-- Information given follows --

(* The algorithm $\mathcal{U}$ described in the context is wait-free: in every execution (implementation history) of $\mathcal{U}$, no process can invoke DoOp$(o)$ and then take infinitely many steps within DoOp$(o)$ without completing it (i.e. without executing line 14).
   Context: Model: an asynchronous shared-memory system with possibly infinitely many processes, any of which may crash, communicating via atomic shared objects. A fetch-and-increment (F\&I) object stores an integer; F\&I$(C)$ atomically returns the current value and increments it. A generalized-compare-and-swap (GCAS) object $O$ stores a value and supports Read$(O)$ and GCAS$(c, O, v_1, v_2)$, which atomically does: if $c(\text{current value of } O, v_1)$ holds then set $O := v_2$ and return true, else return false. Tuples are compared componentwise for $=$; GCAS$(>, A, (t,-,-), v)$ succeeds iff the time field of $A$ is strictly greater than $t$. Implemented type $\mathcal{T} = (OP, RES, Q, \delta)$ with $\delta \subseteq Q\times OP\times Q\times RES$ and initial state $s_0$; a procedure $apply_{\mathcal{T}}(o,s)$ returns some $(s',r)$ with $(s,o,s',r)\in\delta$. $NULL$ is a value different from every response of $\mathcal{T}$, and $NOOP$ is a name different from every operation of $\mathcal{T}$. Algorithm $\mathcal{U}$: each process $p$ owns a GCAS object $H_p$ with fields $(time, response)$. Shared objects: F\&I object $C$, initially $1$; GCAS object $A$ with fields $(time, op, ptr)$, initially $(0, NOOP, h(NOOP))$, where $h(NOOP)$ is a pointer to an immutable location containing $(0,\perp)$; GCAS object $S$ with fields $(time, state, response, ptr)$, initially $(0, s_0, \perp, h(NOOP))$. Process $p$ performs operation $o$ by calling DoOp$(o)$: (1) DoOp$(o)$ invoked; (2) $t := $ F\&I$(C)$; (3) $H_p := (t, NULL)$; (4) while $H_p = (t, NULL)$ do: (5) $(t^*, s^*, r^*, roptr^* ) := S$; (6) GCAS$(=, *roptr^*, (t^*, NULL), (t^*, r^* ))$; (7) GCAS$(>, A, (t,-,-), (t, o, \&H_p))$; (8) $(t', o', roptr') := A$; (9) $(\hat t, \hat r) := *roptr'$; (10) if $(\hat t,\hat r) = (t', NULL)$ then (11) $(s', r') := apply_{\mathcal{T}}(o', s^* )$; (12) GCAS$(=, S, (t^*,s^*,r^*,roptr^* ), (t', s', r', roptr'))$; (13) else GCAS$(=, A, (t', o', roptr'), (t, o, \&H_p))$; end while; (14) return $H_p.response$. Lines 1 and 14 are the invocation and response steps. *)

(* an operational model of algorithm U (asynchronous shared
   memory, processes indexed by nat, crashes = simply not being scheduled). *)
From Stdlib Require Import Arith.

Set Implicit Arguments.

Section AlgoU.
Variables (OP RES Q : Type).

Inductive resp := RNull | RBot | RVal (r : RES).
Inductive aop := ANoop | AOp (o : OP).
(* pointers: h(NOOP) (immutable location holding (0,bottom)) or &H_q *)
Inductive ptr := PNoop | PH (q : nat).

Definition Aval := (nat * aop * ptr)%type.          (* (time, op, ptr) *)
Definition Sval := (nat * Q * resp * ptr)%type.     (* (time, state, response, ptr) *)
Definition Hval := (nat * resp)%type.               (* (time, response) *)

(* program counter of a process together with its local variables;
   AtK means "the next step to execute is line K". *)
Inductive lstate :=
| Idle                                                  (* not inside DoOp *)
| At2 (o : OP)
| At3 (o : OP) (t : nat)
| At4 (o : OP) (t : nat)
| At5 (o : OP) (t : nat)
| At6 (o : OP) (t : nat) (snap : Sval)
| At7 (o : OP) (t : nat) (snap : Sval)
| At8 (o : OP) (t : nat) (snap : Sval)
| At9 (o : OP) (t : nat) (snap : Sval) (a : Aval)
| At10 (o : OP) (t : nat) (snap : Sval) (a : Aval) (hv : Hval)
| At11 (o : OP) (t : nat) (snap : Sval) (a : Aval)
| At12 (o : OP) (t : nat) (snap : Sval) (a : Aval) (s' : Q) (r' : RES)
| At13 (o : OP) (t : nat) (snap : Sval) (a : Aval)
| At14 (o : OP) (t : nat).

Record config := Config {
  cC : nat;                 (* F&I object C *)
  cA : Aval;
  cS : Sval;
  cH : nat -> Hval;         (* GCAS objects H_p *)
  cL : nat -> lstate
}.

Definition upd {T : Type} (f : nat -> T) (i : nat) (v : T) : nat -> T :=
  fun j => if Nat.eqb j i then v else f j.

Definition setL (c : config) (p : nat) (l : lstate) : config :=
  Config (cC c) (cA c) (cS c) (cH c) (upd (cL c) p l).

Definition deref (c : config) (x : ptr) : Hval :=
  match x with PNoop => (0, RBot) | PH q => cH c q end.

(* effect of GCAS(=, O, v1, v2) on the value of O: cur -> new *)
Definition gcas_eq {T : Type} (cur v1 v2 new : T) : Prop :=
  (cur = v1 /\ new = v2) \/ (cur <> v1 /\ new = cur).

Variable delta : Q -> OP -> Q -> RES -> Prop.

(* one atomic step of process p (one line of the code) *)
Definition stepP (p : nat) (c c' : config) : Prop :=
  match cL c p with
  | Idle => exists o, c' = setL c p (At2 o)
  | At2 o =>
      c' = Config (S (cC c)) (cA c) (cS c) (cH c) (upd (cL c) p (At3 o (cC c)))
  | At3 o t =>
      c' = Config (cC c) (cA c) (cS c) (upd (cH c) p (t, RNull)) (upd (cL c) p (At4 o t))
  | At4 o t =>
      (cH c p = (t, RNull) /\ c' = setL c p (At5 o t)) \/
      (cH c p <> (t, RNull) /\ c' = setL c p (At14 o t))
  | At5 o t => c' = setL c p (At6 o t (cS c))
  | At6 o t snap =>
      let '(ts, ss, rs, rp) := snap in
      match rp with
      | PNoop => c' = setL c p (At7 o t snap)  (* immutable (0,bot): never (ts,NULL) *)
      | PH q => exists nv, gcas_eq (cH c q) (ts, RNull) (ts, rs) nv /\
          c' = Config (cC c) (cA c) (cS c) (upd (cH c) q nv) (upd (cL c) p (At7 o t snap))
      end
  | At7 o t snap =>
      let '(ta, _, _) := cA c in
      let nA := if Nat.ltb t ta then (t, AOp o, PH p) else cA c in
      c' = Config (cC c) nA (cS c) (cH c) (upd (cL c) p (At8 o t snap))
  | At8 o t snap => c' = setL c p (At9 o t snap (cA c))
  | At9 o t snap a =>
      let '(_, _, rp') := a in c' = setL c p (At10 o t snap a (deref c rp'))
  | At10 o t snap a hv =>
      let '(t', _, _) := a in
      (hv = (t', RNull) /\ c' = setL c p (At11 o t snap a)) \/
      (hv <> (t', RNull) /\ c' = setL c p (At13 o t snap a))
  | At11 o t snap a =>
      let '(_, o', _) := a in
      let '(_, ss, _, _) := snap in
      match o' with
      | ANoop => False   (* unreachable: apply_T is only defined on operations of T *)
      | AOp op => exists s' r', delta ss op s' r' /\ c' = setL c p (At12 o t snap a s' r')
      end
  | At12 o t snap a s' r' =>
      let '(t', _, rp') := a in
      exists nS, gcas_eq (cS c) snap (t', s', RVal r', rp') nS /\
        c' = Config (cC c) (cA c) nS (cH c) (upd (cL c) p (At4 o t))
  | At13 o t snap a =>
      exists nA, gcas_eq (cA c) a (t, AOp o, PH p) nA /\
        c' = Config (cC c) nA (cS c) (cH c) (upd (cL c) p (At4 o t))
  | At14 o t => c' = setL c p Idle
  end.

-- Information given concluded --

• [What the exercise asks]: Tally the lines in the data that contain the string "ANoop". Report only the total.

• [Answer space]: 2